In an interaction experiment using Duolink, two primary antibodies are used, one targeting each of the investigated proteins in an expected interaction. This concept is illustrated in Figure 2, where an interaction between SMAD2/3 and SMAD4 proteins is visualized. It is of importance that the two antibodies bind under identical conditions and that they are also able to bind their target when the target protein is interacting with its partner.

Figure 2: Visualization of protein interactions.

Images of mouse embryonic fibroblasts before (0 min) or after 25 min of TGF-β stimulation (25 min), or treated with the known TGF-β pathway inhibitor GW6604. One antibody was targeted against SMAD2/3 and one against SMAD4. Each PLA signal (red) is indicative of one detected interaction event. A clear increase in number of detected events is seen in the image showing cells 25 min after TGF-β stimulation. Nuclei (blue) are stained with Hoechst 33342 and actin is stained with FITC anti-actin (green). Images are kindly provided by A. Zieba, Uppsala University.
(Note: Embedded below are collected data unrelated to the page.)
Theorem lemma3p2 (R : realType) (n m : nat)
  (f : 'rV[R]_n -> R) (gf : 'rV[R]_n -> 'rV[R]_n)
  (g : 'rV[R]_m -> R) (gg : 'rV[R]_m -> 'rV[R]_m)
  (Q : 'rV[R]_n -> 'rV[R]_m -> \bar R)
  (q : 'rV[R]_n -> 'rV[R]_m -> R) (gq : 'rV[R]_n -> 'rV[R]_m -> 'rV[R]_n)
  (h : 'rV[R]_n -> \bar R)
  (phi1 : 'rV[R]_n -> R) (gphi1 : 'rV[R]_n -> 'rV[R]_n)
  (phi2 : 'rV[R]_m -> R) (gphi2 : 'rV[R]_m -> 'rV[R]_m)
  (Lf Lg theta1 theta2 eta1 eta2 : R)
  (* (A1) *)
  (HLbd : exists c : R, forall x y, (c%:E <= Lfun f g Q x y)%E)
  (Hgf : is_gradient f gf) (Hgfc : continuous_v gf) (HgfL : lipschitz_v gf Lf)
  (Hgg : is_gradient g gg) (Hggc : continuous_v gg) (HggL : lipschitz_v gg Lg)
  (HQprop : properQ Q) (HQlsc : lscQ Q)
  (Hphi1 : is_gradient phi1 gphi1) (Hsc1 : strongly_convex phi1 theta1)
  (Hth1 : Lf < theta1) (Hphi1L : lipschitz_v gphi1 eta1)
  (Hphi2 : is_gradient phi2 gphi2) (Hsc2 : strongly_convex phi2 theta2)
  (Hth2 : Lg < theta2) (Hphi2L : lipschitz_v gphi2 eta2)
  (* (A2) *)
  (Hcoer : forall M : R, exists r : R, forall x y,
      r < normp (x, y) -> (M%:E < Lfun f g Q x y)%E)
  (HdomQ : closedp (in_domQ Q))
  (Hpart : forall x y, in_domQ Q (x, y) -> forall vx vy,
      subdiffv (fun x' => Q x' y) x vx -> subdiffv (fun y' => Q x y') y vy ->
      subdiffp (fun z => Q z.1 z.2) (x, y) (vx, vy))
  (HQqh : forall x y, Q x y = ((q x y)%:E + h x)%E)
  (Hh : forall x, h x \is a fin_num -> forall eps : R, 0 < eps ->
      exists delta : R, 0 < delta /\ forall x', h x' \is a fin_num ->
        normv (x' - x) < delta -> `|fine (h x') - fine (h x)| < eps)
  (Hq : forall z, in_domQ Q z -> forall eps : R, 0 < eps ->
      exists delta : R, 0 < delta /\ forall w, in_domQ Q w ->
        normp (subp w z) < delta -> `|q w.1 w.2 - q z.1 z.2| < eps)
  (Hgq : forall y, is_gradient (fun x => q x y) (fun x => gq x y))
  (Hgqc : forall y, continuous_v (fun x => gq x y))
  (Hxi : forall (D1 : 'rV[R]_n -> Prop) (D2 : 'rV[R]_m -> Prop),
      boundedv D1 -> boundedv D2 ->
      (forall x y, D1 x -> D2 y -> in_domQ Q (x, y)) ->
      exists xi : R, 0 < xi /\ forall xb y yb, D1 xb -> D2 y -> D2 yb ->
        normv (gq xb y - gq xb yb) <= xi * normv (y - yb))
  (* the algorithm *)
  (x xh : nat -> 'rV[R]_n) (y yh : nat -> 'rV[R]_m)
  (xm1 : 'rV[R]_n) (ym1 : 'rV[R]_m)
  (alpha beta : nat -> R) (amax bmax : R)
  (Hinit : xh 0%N = x 0%N /\ yh 0%N = y 0%N)
  (Hamax : 0 <= amax) (Hbmax : 0 <= bmax) (Hab : amax + bmax < 1)
  (Halpha : forall k, 0 <= alpha k <= amax)
  (Hbeta : forall k, 0 <= beta k <= bmax)
  (Hstepx : forall k, is_argmin (fun x' => (Q x' (yh k) +
      (dotv (gf (xh k)) x' + bregman phi1 gphi1 x' (xh k))%:E)%E) (x k.+1))
  (Hstepy : forall k, is_argmin (fun y' => (Q (x k.+1) y' +
      (dotv (gg (yh k)) y' + bregman phi2 gphi2 y' (yh k))%:E)%E) (y k.+1))
  (Hstep3 : forall k,
      let u := extrap (alpha k) (beta k) (x k.+1) (x k) (prevs xm1 x k) in
      let v := extrap (alpha k) (beta k) (y k.+1) (y k) (prevs ym1 y k) in
      ((Lfun f g Q u v <= Lfun f g Q (x k.+1) (y k.+1))%E ->
          xh k.+1 = u /\ yh k.+1 = v) /\
      (~~ (Lfun f g Q u v <= Lfun f g Q (x k.+1) (y k.+1))%E ->
          xh k.+1 = x k.+1 /\ yh k.+1 = y k.+1)) :
  let px := fun k => gq (x k.+1) (y k.+1) - gq (x k.+1) (yh k) +
      (gf (x k.+1) - gf (xh k) - gphi1 (x k.+1) + gphi1 (xh k)) in
  let py := fun k => gg (y k.+1) - gg (yh k) - gphi2 (y k.+1) + gphi2 (yh k) in
  (forall k, (1 <= k)%N ->
     subdiffp (fun z => Lfun f g Q z.1 z.2) (x k.+1, y k.+1) (px k, py k)) /\
  exists rho : R, 0 < rho /\ forall k, (1 <= k)%N ->
     normp (px k, py k) <= rho * normp (x k.+1 - xh k, y k.+1 - yh k).
Proof.
move=> px py; split=> [k _|].
- exact: (subgradient_mem Hgf Hgfc Hgg Hggc Hphi1 Hphi2 Hpart HQqh Hgq Hstepx Hstepy).
- exact: (subgradient_bound Hgf HgfL Hgg HggL HQprop Hphi1 Hsc1 Hth1 Hphi1L
    Hphi2 Hsc2 Hth2 Hphi2L Hcoer HQqh Hxi Hstepx Hstepy Hstep3).
Qed.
A nice example of the use of Duolink to verify an expected interaction was recently published for the proteins COUP-TFII and ProxI³. The interaction was first demonstrated using coimmunoprecipitation (coIP) on transfected HUVEC cells overexpressing COUP-TFII and ProxI, and a follow-up Duolink experiment showed that the interaction occurs in vivo. Importantly, using Duolink, the authors were able to show that the interaction also occurrs in HLDEC cells expressing the proteins at their physiological expression levels and that the interaction takes place at the expected cellular compartment, to further validate the data. Duolink would thus allow the interaction to be validated in situ without the need for generating transfected cell-lines. The specificity of the Duolink assay in the HLDECs was validated with siRNA knockdown using a specific or scrambled siRNA sequence.
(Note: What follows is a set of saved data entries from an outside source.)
(* One step of the induction on the potential [variance + 4 mean_gap^2]: [Y] and [X] are
   the old and new [|mean_gap|], and [a^2 = mixing k]. *)
Lemma contraction_sq_le X Y a c : 0 <= X -> 0 <= Y -> 0 <= a <= 1 -> 0 <= c <= 1 ->
  X <= 3 * c * a + (1 - a ^ 2) * Y -> 4 * X ^ 2 <= 4 * Y ^ 2 - 2 * a ^ 2 * Y ^ 2 + 108 * c.
Proof.
  intros HX HY Ha Hc HB.
  set (B := 3 * c * a + (1 - a ^ 2) * Y) in *.
  assert (X ^ 2 <= B ^ 2) by (apply pow_incr; lra).
  assert (c ^ 2 <= c) by nra.
  assert (c ^ 2 * a ^ 2 <= c).
  { assert (0 <= c ^ 2) by apply pow2_ge_0.
    assert (c ^ 2 * a ^ 2 <= c ^ 2 * 1) by (apply Rmult_le_compat_l; nra). lra. }
  assert (6 * c * a * (1 - a ^ 2) * Y <= a ^ 2 * Y ^ 2 / 2 + 18 * c).
  { assert (0 <= c * a * a ^ 2 * Y) by (repeat apply Rmult_le_pos; nra).
    assert (0 <= (a * Y - 6 * c) ^ 2) by apply pow2_ge_0. nra. }
  assert ((1 - a ^ 2) ^ 2 * Y ^ 2 <= (1 - a ^ 2) * Y ^ 2).
  { assert (0 <= Y ^ 2) by apply pow2_ge_0. assert (0 <= a ^ 2 <= 1) by nra. nra. }
  assert (B ^ 2 = 9 * (c ^ 2 * a ^ 2) + 6 * c * a * (1 - a ^ 2) * Y + (1 - a ^ 2) ^ 2 * Y ^ 2)
    by (unfold B; ring).
  nra.
Qed.

Definition sumR (l : list R) : R := fold_right Rplus 0 l.

Lemma sumR_app l1 l2 : sumR (l1 ++ l2) = sumR l1 + sumR l2.
Proof. induction l1 as [|x l1 IH]; simpl; [lra|]. unfold sumR in *; simpl; rewrite IH; ring. Qed.

Lemma sumR_map_cons {A : Type} (f : A -> R) x l :
  sumR (map f (x :: l)) = f x + sumR (map f l).
Proof. reflexivity. Qed.

Lemma sumR_map_plus {A : Type} (f g : A -> R) l :
  sumR (map (fun x => f x + g x) l) = sumR (map f l) + sumR (map g l).
Proof. induction l as [|x l IH]; unfold sumR in *; simpl; [lra|]. rewrite IH; ring. Qed.
(* Let $\lambda_1,\lambda_2\in P^+$ and set $a_\alpha=\min\{\lambda_1(h_\alpha),\lambda_2(h_\alpha)\}$ for $\alpha\in R^+$, $\mathbf a=(a_\alpha)$. Then the vectors $\prod_{\alpha\in R^+}(f_\alpha\otimes t)^{s_\alpha}.\mathbb 1$, for $\mathbf s=(s_\alpha)\in S(\mathbf a)$, span $M_{\lambda_1,\lambda_2}$, and hence their images span the subspace $U(\mathfrak n^-\otimes t).\mathbb 1\subset F_{\lambda_1,\lambda_2}$.
   Context: Let $\mathfrak{sl}_n=\mathfrak n^+\oplus\mathfrak h\oplus\mathfrak n^-$, $\mathfrak b=\mathfrak n^+\oplus\mathfrak h$, simple roots $\alpha_1,\dots,\alpha_{n-1}$, positive roots $R^+=\{\alpha_{k,\ell}=\alpha_k+\dots+\alpha_\ell:1\le k\le\ell\le n-1\}$, $P^+$ the dominant integral weights; for $\alpha\in R^+$ fix an $\mathfrak{sl}_2$-triple $e_\alpha,f_\alpha,h_\alpha$ with $f_\alpha\in\mathfrak g_{-\alpha}$. The current algebra $\mathfrak{sl}_n\otimes\mathbb C[t]$ has bracket $[x\otimes p,y\otimes q]=[x,y]\otimes pq$. Let $\mathbb C_{\lambda_1+\lambda_2}$ be the one-dimensional $\mathfrak b\otimes\mathbb C[t]$-module via $\mathfrak b\otimes\mathbb C[t]\to\mathfrak b\to\mathfrak h$ (evaluation at $t=0$, killing $\mathfrak n^+$) with $\mathfrak h$ acting by $\lambda_1+\lambda_2$; let $\mathfrak a=(\mathfrak b\otimes1)\oplus(\mathfrak{sl}_n\otimes t\mathbb C[t])$, and let $M_{\lambda_1,\lambda_2}$ be the quotient of $U(\mathfrak a)\otimes_{U(\mathfrak b\otimes\mathbb C[t])}\mathbb C_{\lambda_1+\lambda_2}$ by the submodule generated by $(\mathfrak n^-\otimes t^2\mathbb C[t])$ and by $(f_\alpha\otimes t)^{\min\{\lambda_1(h_\alpha),\lambda_2(h_\alpha)\}+1}$ ($\alpha\in R^+$) applied to the generator $\mathbb 1$. $F_{\lambda_1,\lambda_2}$ is the maximal $\mathfrak{sl}_n$-integrable quotient of $U(\mathfrak{sl}_n\otimes\mathbb C[t])\otimes_{U(\mathfrak a)}M_{\lambda_1,\lambda_2}$; equivalently, with $\lambda=\lambda_1+\lambda_2$, it is generated by $\mathbb 1$ subject to $(\mathfrak n^+\otimes\mathbb C[t]).\mathbb 1=0$, $(\mathfrak h\otimes t\mathbb C[t]).\mathbb 1=0$, $(\mathfrak n^-\otimes t^2\mathbb C[t]).\mathbb 1=0$, $(h\otimes1).\mathbb 1=\lambda(h)\mathbb 1$, $(f_\alpha\otimes1)^{\lambda(h_\alpha)+1}.\mathbb 1=0$, $(f_\alpha\otimes t)^{\min\{\lambda_1(h_\alpha),\lambda_2(h_\alpha)\}+1}.\mathbb 1=0$. A Dyck path is a sequence $\mathbf p=(\beta_1,\dots,\beta_s)$, $s\ge1$, of positive roots such that if $\beta_i=\alpha_{k,\ell}$ then $\beta_{i+1}\in\{\alpha_{k+1,\ell},\alpha_{k,\ell+1}\}$; if $\beta_1=\alpha_{k_1,\ell_1}$, $\beta_s=\alpha_{k_s,\ell_s}$, its base root is $\beta(\mathbf p)=\alpha_{k_1,\ell_s}$. $S(\mathbf a)$ is the set of $(x_\alpha)\in\mathbb Z_{\ge0}^{n(n-1)/2}$ with $\sum_{\alpha\in\mathbf p}x_\alpha\le a_{\beta(\mathbf p)}$ for every Dyck path $\mathbf p$. *)

From HB Require Import structures.
From mathcomp Require Import all_boot all_order all_algebra algC.
Set Implicit Arguments. Unset Strict Implicit. Unset Printing Implicit Defensive.
Import Order.TTheory GRing.Theory Num.Theory.
Local Open Scope ring_scope.

(* Conventions (0-indexed): the positive root alpha_{k,l} (1<=k<=l<=n-1)
   is encoded by the pair (i,j) = (k-1, l) of 'I_n with i < j, i.e.
   alpha = eps_i - eps_j.  e_alpha = E_{ij}, f_alpha = E_{ji},
   h_alpha = E_{ii} - E_{jj}. *)

Definition posroot n (p : 'I_n * 'I_n) : bool := (p.1 < p.2)%N.

Definition posroots n : seq ('I_n * 'I_n) :=
  [seq p <- [seq (i, j) | i <- enum 'I_n, j <- enum 'I_n] | posroot p].

Definition froot n (p : 'I_n * 'I_n) : 'M[algC]_n := delta_mx p.2 p.1.

Definition sl_pred n : pred 'M[algC]_n := fun x => \tr x == 0.
Definition b_pred n : pred 'M[algC]_n := fun x =>
  [forall i : 'I_n, forall j : 'I_n, ((j < i)%N ==> (x i j == 0))] && (\tr x == 0).
Definition nplus_pred n : pred 'M[algC]_n := fun x =>
  [forall i : 'I_n, forall j : 'I_n, ((j <= i)%N ==> (x i j == 0))].
Definition nminus_pred n : pred 'M[algC]_n := fun x =>
  [forall i : 'I_n, forall j : 'I_n, ((i <= j)%N ==> (x i j == 0))].
Definition h_pred n : pred 'M[algC]_n := fun x =>
  [forall i : 'I_n, forall j : 'I_n, ((i != j) ==> (x i j == 0))] && (\tr x == 0).

(* Weights: a weight is given by c : 'I_n -> int, lambda = sum_i c_i eps_i,
   so lambda(h) = sum_i c_i h_ii on the Cartan h (well defined on trace-zero
   diagonal matrices up to adding a constant to c).  lambda is dominant
   integral iff c is nonincreasing; then lambda(h_alpha) = c_i - c_j. *)
Definition dominant n (c : 'I_n -> int) : Prop :=
  forall i j : 'I_n, (i <= j)%N -> (c j <= c i)%R.

Definition wt_eval n (c : 'I_n -> int) (h : 'M[algC]_n) : algC :=
  \sum_i (c i)%:~R * h i i.

(* lambda(h_alpha) as a natural number (for dominant lambda) *)
Definition wt_h n (c : 'I_n -> int) (p : 'I_n * 'I_n) : nat := `|c p.1 - c p.2|%N.

Definition wt_add n (c1 c2 : 'I_n -> int) : 'I_n -> int := fun i => c1 i + c2 i.

Definition amin n (c1 c2 : 'I_n -> int) (p : 'I_n * 'I_n) : nat :=
  minn (wt_h c1 p) (wt_h c2 p).

Definition dyck_step n (x y : 'I_n * 'I_n) : bool :=
  ((nat_of_ord y.1 == (x.1).+1) && (y.2 == x.2)) ||
  ((y.1 == x.1) && (nat_of_ord y.2 == (x.2).+1)).

Definition dyck n (p : seq ('I_n * 'I_n)) : bool :=
  match p with
  | [::] => false
  | x :: q => all (@posroot n) p && path (@dyck_step n) x q
  end.

Definition base_root n (x0 : 'I_n * 'I_n) (p : seq ('I_n * 'I_n)) : 'I_n * 'I_n :=
  ((head x0 p).1, (last x0 p).2).

(* s : 'I_n -> 'I_n -> nat; only the entries s i j with i < j matter. *)
Definition in_S n (a : 'I_n * 'I_n -> nat) (s : 'I_n -> 'I_n -> nat) : Prop :=
  forall (p : seq ('I_n * 'I_n)) (x0 : 'I_n * 'I_n), dyck p ->
    (\sum_(x <- p) s x.1 x.2 <= a (base_root x0 p))%N.

(* Representations of a Lie subalgebra of sl_n (x) C[t] of the form
   \bigoplus_k D_k (x) t^k, given by rho k x = action of x (x) t^k. *)
Definition is_rep n (V : lmodType algC) (D : nat -> pred 'M[algC]_n)
    (rho : nat -> 'M[algC]_n -> V -> V) : Prop :=
  [/\ forall k x, D k x -> forall (a : algC) (w u : V),
         rho k x (a *: w + u) = a *: rho k x w + rho k x u,
      forall k x y, D k x -> D k y -> forall (a : algC) (w : V),
         rho k (a *: x + y) w = a *: rho k x w + rho k y w
    & forall k l x y, D k x -> D l y -> forall w : V,
         rho k x (rho l y w) - rho l y (rho k x w) = rho (k + l)%N (x *m y - y *m x) w].

Inductive cyc n (V : lmodType algC) (A : nat -> pred 'M[algC]_n)
    (rho : nat -> 'M[algC]_n -> V -> V) (v : V) : V -> Prop :=
  | cyc_gen : cyc A rho v v
  | cyc_add w u : cyc A rho v w -> cyc A rho v u -> cyc A rho v (w + u)
  | cyc_scale (a : algC) w : cyc A rho v w -> cyc A rho v (a *: w)
  | cyc_act k x w : A k x -> cyc A rho v w -> cyc A rho v (rho k x w).

(* the algebra a = (b (x) 1) + (sl_n (x) t C[t]) *)
Definition a_dom n : nat -> pred 'M[algC]_n :=
  fun k => if k == 0%N then @b_pred n else @sl_pred n.
Definition cur_dom n : nat -> pred 'M[algC]_n := fun _ => @sl_pred n.
Definition nmt_dom n : nat -> pred 'M[algC]_n :=
  fun k => if k == 1%N then @nminus_pred n else pred0.

Definition fvec n (V : lmodType algC) (rho : nat -> 'M[algC]_n -> V -> V)
    (s : 'I_n -> 'I_n -> nat) (v : V) : V :=
  foldr (fun p w => iter (s p.1 p.2) (rho 1%N (froot p)) w) v (posroots n).

Definition in_span_S n (V : lmodType algC) (rho : nat -> 'M[algC]_n -> V -> V)
    (a : 'I_n * 'I_n -> nat) (v w : V) : Prop :=
  exists (m : nat) (coef : 'I_m -> algC) (s : 'I_m -> 'I_n -> 'I_n -> nat),
    (forall i, in_S a (s i)) /\
    w = \sum_(i < m) coef i *: fvec rho (s i) v.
Studying transient receptor dimerizations

Another recent report offers a good example of how Duolink can be used together with coIP to provide new biological information⁴. Although coIP detected VEGF-C ligand–induced heterodimerization, it failed to detect VEGF-A ligand–induced heterodimerization of receptors VEGFR2 and VEGFR3. The latter was, however, clearly detected using Duolink. Furthermore, the authors were able to utilize Duolink's unique feature of detecting homodimerization events. They thereby showed that VEGF-A induced homodimerization of only VEGFR2, whereas VEGF-C induced homodimerization of only VEGFR3, and both ligands were capable of inducing heterodimerization. By subjecting their images to quantitative image analysis, they also highlighted Duolink's ability to yield objectively quantifiable results. This allowed the authors to unambiguously characterize the efficiency of different VEGF isoforms in inducing receptor heterodimerization. This highlights the opportunities given by Duolink to study protein interactions at relevant expression levels and to complement coIP data, yielding new biological information.

Conclusions

In situ PLA, using Duolink reagents, is a straightforward process for reporting protein interactions with very high specificity in their natural context at physiological expression levels, and also for reporting homodimerization events. This is an efficient and simple method for both validation and characterization of protein interactions. In addition, covalently modified—for example, ubiqutinylated and SUMOylated⁵—proteins can also be studied in situ owing to the dual recognition format provided by Duolink.

The Duolink reagent series provides powerful yet simple means to quantitatively visualize post-translational modifications of proteins in fixed cells and tissue with exceptional specificity and sensitivity. There is no need to overexpress target proteins, and data interpretation is facilitated by countable spots, each representing a single-molecule event. The Duolink reagents are available with multiple species of primary antibodies to fit the unique application of the user.